--- HOW TO COMPLETE THIS TASK ---
The word "show" occurs in some lines of the data. Return each such line.

Saved data entries:
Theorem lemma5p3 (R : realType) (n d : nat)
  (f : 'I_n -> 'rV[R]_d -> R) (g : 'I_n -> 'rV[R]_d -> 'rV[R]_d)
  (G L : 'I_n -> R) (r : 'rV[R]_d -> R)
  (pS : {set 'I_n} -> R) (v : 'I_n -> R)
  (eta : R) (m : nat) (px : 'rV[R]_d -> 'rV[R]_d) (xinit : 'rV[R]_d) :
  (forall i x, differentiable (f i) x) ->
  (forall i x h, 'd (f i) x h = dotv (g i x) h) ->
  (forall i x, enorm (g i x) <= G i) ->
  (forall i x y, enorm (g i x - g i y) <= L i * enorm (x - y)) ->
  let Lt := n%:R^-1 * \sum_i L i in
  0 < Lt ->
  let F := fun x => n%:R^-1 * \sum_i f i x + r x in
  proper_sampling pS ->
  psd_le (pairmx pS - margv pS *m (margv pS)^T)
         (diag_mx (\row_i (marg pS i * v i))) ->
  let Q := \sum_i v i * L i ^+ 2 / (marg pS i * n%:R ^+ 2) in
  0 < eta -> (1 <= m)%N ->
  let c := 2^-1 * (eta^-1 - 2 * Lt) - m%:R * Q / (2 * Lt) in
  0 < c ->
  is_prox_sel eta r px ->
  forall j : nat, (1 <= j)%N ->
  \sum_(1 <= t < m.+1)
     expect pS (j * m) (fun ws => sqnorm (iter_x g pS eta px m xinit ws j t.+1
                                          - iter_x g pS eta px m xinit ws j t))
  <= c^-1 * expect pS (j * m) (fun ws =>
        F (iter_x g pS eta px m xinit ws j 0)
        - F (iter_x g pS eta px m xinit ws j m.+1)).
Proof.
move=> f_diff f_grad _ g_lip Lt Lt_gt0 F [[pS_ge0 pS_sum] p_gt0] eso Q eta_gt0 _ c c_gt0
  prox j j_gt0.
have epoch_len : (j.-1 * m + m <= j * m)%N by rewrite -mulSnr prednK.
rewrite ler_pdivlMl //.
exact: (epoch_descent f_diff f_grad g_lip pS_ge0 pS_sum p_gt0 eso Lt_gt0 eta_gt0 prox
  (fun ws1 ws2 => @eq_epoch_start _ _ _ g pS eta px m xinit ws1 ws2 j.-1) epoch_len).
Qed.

...

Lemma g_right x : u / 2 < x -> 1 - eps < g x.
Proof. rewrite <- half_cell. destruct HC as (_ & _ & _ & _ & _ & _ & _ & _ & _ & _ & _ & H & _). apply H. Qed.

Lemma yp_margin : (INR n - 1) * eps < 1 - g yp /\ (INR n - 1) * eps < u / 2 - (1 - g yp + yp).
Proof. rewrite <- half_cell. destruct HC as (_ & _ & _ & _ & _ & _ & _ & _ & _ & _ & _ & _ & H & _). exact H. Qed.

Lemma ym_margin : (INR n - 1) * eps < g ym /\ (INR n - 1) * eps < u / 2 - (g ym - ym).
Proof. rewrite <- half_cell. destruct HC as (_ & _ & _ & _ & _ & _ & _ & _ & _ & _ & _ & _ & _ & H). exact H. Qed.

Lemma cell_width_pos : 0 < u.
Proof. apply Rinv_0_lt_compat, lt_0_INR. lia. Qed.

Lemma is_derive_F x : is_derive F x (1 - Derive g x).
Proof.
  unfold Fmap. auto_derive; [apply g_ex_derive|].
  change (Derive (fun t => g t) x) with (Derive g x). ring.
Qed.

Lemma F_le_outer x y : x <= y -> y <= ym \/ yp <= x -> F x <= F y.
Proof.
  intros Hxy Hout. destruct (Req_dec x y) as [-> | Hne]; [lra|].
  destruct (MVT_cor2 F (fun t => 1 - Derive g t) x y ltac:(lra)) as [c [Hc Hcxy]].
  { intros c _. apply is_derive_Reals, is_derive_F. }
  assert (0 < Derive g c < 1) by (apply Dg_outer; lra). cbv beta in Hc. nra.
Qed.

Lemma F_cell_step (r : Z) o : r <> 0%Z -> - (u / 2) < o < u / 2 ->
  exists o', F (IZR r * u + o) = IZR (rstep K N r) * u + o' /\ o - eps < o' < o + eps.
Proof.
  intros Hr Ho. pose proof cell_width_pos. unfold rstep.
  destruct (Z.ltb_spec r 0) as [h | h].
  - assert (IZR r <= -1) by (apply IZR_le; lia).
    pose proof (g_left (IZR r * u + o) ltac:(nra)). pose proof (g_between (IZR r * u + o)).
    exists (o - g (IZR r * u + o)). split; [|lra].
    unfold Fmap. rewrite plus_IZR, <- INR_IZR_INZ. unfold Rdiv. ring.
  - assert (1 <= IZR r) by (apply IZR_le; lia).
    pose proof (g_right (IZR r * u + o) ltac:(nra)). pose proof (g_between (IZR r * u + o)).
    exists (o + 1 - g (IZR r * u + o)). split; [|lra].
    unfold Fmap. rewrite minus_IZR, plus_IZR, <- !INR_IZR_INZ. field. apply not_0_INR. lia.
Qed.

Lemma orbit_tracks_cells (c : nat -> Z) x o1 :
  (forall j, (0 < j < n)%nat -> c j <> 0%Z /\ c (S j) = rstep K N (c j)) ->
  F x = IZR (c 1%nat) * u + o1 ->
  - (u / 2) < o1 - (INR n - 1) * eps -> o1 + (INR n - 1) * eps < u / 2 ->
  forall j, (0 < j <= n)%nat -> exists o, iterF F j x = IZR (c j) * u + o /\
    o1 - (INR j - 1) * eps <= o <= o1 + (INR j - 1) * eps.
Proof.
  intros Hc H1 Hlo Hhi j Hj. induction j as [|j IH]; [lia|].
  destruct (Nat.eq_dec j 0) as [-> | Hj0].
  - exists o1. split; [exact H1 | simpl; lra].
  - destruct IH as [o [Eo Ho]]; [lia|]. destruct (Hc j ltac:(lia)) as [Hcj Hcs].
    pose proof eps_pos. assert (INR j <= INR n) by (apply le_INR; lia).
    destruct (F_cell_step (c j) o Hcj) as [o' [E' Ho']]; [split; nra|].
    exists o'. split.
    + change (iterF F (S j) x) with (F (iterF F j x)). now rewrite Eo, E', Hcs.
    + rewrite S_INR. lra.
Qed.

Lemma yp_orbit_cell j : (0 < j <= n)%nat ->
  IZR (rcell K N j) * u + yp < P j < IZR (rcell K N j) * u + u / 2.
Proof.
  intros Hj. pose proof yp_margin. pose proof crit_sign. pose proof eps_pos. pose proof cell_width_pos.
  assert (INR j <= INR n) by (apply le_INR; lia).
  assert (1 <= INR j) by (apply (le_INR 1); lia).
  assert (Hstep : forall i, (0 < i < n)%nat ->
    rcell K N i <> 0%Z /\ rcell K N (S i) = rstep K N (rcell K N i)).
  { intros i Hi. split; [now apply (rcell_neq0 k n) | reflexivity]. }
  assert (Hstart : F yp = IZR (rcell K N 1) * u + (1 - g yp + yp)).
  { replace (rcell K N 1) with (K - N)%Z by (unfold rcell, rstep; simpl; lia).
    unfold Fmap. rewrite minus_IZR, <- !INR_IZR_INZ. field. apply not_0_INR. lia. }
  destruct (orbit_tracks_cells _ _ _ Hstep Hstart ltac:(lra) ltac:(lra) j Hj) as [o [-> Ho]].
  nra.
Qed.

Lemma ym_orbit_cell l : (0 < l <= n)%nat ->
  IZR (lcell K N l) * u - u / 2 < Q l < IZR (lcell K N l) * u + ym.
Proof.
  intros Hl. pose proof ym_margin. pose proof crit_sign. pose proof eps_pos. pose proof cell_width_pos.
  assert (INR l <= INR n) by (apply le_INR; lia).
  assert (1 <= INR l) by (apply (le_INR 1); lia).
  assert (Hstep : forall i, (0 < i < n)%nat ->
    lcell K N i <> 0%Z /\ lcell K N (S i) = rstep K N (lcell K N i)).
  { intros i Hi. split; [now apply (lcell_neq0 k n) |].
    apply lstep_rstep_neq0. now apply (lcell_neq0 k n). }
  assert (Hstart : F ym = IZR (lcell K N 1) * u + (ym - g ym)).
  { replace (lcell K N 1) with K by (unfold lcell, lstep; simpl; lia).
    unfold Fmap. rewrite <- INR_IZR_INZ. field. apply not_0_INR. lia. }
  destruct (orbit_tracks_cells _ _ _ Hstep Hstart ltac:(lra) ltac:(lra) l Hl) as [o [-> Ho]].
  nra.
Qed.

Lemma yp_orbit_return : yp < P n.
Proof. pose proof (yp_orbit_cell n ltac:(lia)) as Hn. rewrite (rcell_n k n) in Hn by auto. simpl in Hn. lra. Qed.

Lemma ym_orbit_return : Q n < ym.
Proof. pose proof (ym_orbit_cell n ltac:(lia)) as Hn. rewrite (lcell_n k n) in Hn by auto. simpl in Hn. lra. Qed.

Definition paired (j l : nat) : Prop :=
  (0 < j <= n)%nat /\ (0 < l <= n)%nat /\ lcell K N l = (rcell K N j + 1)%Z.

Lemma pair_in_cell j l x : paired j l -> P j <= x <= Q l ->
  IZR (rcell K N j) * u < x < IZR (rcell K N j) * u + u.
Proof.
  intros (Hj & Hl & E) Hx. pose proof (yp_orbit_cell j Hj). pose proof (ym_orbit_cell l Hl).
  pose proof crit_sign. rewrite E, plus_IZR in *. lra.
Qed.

...

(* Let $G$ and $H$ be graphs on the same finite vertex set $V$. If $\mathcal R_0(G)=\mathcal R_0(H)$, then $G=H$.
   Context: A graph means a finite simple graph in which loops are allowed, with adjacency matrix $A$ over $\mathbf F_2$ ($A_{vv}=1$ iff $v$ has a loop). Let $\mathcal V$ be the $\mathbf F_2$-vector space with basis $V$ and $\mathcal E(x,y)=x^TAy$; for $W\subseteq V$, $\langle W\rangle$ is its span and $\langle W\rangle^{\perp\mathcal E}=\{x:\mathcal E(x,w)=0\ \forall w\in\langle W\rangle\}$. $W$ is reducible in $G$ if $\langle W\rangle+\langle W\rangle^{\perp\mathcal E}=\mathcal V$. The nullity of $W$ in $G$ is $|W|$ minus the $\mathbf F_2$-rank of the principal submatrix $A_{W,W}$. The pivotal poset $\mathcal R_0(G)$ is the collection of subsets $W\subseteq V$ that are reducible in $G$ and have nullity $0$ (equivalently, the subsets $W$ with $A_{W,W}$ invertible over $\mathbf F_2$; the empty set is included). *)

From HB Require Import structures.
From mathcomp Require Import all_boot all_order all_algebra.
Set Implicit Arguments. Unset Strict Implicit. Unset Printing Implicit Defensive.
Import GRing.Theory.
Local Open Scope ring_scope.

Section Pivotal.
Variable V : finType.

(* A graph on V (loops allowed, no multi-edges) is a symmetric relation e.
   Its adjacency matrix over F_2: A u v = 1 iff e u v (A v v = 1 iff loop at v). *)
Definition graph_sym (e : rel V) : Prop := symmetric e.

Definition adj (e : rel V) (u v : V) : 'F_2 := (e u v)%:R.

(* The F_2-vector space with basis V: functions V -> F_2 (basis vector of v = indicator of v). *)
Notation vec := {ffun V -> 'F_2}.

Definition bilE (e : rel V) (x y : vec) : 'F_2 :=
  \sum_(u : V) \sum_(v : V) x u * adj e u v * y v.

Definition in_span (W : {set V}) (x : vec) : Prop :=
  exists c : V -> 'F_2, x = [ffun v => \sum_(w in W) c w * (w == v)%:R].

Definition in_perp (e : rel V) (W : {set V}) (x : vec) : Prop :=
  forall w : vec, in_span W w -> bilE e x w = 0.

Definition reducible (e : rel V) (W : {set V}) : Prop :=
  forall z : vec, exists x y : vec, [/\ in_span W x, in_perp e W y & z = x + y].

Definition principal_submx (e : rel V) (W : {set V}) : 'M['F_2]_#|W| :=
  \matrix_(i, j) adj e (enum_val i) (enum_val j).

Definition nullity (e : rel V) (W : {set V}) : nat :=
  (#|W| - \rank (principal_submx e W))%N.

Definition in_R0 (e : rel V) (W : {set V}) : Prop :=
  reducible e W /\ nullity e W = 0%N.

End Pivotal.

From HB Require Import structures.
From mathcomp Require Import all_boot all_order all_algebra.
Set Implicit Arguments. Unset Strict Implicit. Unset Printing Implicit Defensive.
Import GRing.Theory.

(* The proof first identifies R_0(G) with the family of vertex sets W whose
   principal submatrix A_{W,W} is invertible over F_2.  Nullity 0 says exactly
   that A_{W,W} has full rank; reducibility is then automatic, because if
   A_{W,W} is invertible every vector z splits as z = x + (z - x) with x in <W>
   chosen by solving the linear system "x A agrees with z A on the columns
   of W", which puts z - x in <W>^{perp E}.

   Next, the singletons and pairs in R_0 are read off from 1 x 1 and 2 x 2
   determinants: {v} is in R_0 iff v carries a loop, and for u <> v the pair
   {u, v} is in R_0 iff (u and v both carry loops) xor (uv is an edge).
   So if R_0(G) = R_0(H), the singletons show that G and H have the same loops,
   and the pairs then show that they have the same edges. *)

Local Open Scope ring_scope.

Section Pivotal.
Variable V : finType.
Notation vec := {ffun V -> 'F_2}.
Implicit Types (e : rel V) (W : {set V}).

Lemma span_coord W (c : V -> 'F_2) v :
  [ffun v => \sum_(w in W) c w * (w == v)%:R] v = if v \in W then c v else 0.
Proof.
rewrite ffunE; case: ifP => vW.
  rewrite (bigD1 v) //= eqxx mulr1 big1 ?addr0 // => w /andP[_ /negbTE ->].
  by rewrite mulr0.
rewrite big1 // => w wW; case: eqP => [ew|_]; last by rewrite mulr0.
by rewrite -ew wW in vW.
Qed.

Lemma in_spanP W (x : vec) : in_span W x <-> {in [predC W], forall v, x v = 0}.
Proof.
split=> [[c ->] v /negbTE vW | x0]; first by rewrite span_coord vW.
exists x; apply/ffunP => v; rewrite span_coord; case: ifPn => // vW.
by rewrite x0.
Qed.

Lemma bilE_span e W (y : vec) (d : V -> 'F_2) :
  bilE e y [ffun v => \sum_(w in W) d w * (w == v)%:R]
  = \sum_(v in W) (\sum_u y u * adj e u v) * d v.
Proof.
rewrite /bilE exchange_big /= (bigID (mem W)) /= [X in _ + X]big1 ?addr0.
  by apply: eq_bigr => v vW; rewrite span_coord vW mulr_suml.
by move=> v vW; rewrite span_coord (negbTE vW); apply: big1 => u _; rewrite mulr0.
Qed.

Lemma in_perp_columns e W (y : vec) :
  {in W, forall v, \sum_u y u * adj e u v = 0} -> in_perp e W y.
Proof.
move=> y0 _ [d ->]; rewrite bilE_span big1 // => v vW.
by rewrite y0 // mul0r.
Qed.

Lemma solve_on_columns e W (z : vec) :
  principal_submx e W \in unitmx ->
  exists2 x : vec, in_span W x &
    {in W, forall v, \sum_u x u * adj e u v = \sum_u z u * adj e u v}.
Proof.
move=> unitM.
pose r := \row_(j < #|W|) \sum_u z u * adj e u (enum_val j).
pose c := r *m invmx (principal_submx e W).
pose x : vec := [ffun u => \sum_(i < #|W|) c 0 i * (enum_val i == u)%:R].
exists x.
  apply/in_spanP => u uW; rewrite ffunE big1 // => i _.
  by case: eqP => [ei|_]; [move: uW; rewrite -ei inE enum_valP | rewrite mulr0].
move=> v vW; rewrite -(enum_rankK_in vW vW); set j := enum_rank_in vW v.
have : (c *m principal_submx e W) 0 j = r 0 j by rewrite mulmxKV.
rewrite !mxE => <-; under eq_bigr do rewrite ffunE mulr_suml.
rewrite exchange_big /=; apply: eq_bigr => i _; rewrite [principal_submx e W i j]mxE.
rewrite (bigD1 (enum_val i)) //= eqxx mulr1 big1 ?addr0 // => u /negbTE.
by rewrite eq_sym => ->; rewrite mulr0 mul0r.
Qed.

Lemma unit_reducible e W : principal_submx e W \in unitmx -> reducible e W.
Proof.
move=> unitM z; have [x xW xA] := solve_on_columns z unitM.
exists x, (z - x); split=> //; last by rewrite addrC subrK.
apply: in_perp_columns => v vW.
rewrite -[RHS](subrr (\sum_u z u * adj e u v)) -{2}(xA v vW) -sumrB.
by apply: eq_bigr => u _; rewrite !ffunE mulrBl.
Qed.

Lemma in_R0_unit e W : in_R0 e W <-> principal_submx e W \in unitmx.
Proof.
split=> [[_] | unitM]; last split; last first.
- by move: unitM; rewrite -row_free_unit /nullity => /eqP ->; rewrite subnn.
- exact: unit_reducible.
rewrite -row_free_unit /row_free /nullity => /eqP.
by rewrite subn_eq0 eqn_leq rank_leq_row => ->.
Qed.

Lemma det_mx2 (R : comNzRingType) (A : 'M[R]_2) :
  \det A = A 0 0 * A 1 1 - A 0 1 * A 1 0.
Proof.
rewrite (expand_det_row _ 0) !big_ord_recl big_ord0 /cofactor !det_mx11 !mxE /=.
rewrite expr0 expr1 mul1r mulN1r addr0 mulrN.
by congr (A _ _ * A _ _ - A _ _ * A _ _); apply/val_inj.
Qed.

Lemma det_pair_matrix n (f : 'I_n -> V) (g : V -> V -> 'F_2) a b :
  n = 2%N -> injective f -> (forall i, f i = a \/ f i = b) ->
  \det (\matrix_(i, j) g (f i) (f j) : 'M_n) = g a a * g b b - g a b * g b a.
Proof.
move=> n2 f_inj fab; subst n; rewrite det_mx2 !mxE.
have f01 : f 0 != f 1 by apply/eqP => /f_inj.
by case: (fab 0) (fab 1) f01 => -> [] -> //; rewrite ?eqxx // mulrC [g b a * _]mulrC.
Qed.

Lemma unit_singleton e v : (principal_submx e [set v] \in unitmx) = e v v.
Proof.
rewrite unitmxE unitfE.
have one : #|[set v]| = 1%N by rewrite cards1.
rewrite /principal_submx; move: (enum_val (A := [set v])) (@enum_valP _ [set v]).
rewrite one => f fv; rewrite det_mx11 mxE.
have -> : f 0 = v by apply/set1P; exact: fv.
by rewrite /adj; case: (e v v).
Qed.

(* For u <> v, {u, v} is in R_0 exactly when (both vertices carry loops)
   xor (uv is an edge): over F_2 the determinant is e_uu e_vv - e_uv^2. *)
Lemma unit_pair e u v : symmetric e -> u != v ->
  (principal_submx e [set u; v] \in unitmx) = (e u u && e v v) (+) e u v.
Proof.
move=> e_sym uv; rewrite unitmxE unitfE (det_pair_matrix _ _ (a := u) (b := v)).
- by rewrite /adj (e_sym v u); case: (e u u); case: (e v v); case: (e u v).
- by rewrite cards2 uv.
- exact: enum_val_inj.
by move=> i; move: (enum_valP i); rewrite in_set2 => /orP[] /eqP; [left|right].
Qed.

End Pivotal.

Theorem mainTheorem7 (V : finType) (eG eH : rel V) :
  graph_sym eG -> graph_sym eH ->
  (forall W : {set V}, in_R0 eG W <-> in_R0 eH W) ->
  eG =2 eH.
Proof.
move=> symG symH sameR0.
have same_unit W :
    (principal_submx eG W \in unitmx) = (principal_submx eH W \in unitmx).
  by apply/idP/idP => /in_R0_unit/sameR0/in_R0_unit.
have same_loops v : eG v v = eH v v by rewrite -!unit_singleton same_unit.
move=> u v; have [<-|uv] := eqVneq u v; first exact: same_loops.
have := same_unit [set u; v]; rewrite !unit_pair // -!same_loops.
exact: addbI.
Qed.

--- EXERCISE SOLUTION ---
   So if R_0(G) = R_0(H), the singletons show that G and H have the same loops,
   and the pairs then show that they have the same edges. *)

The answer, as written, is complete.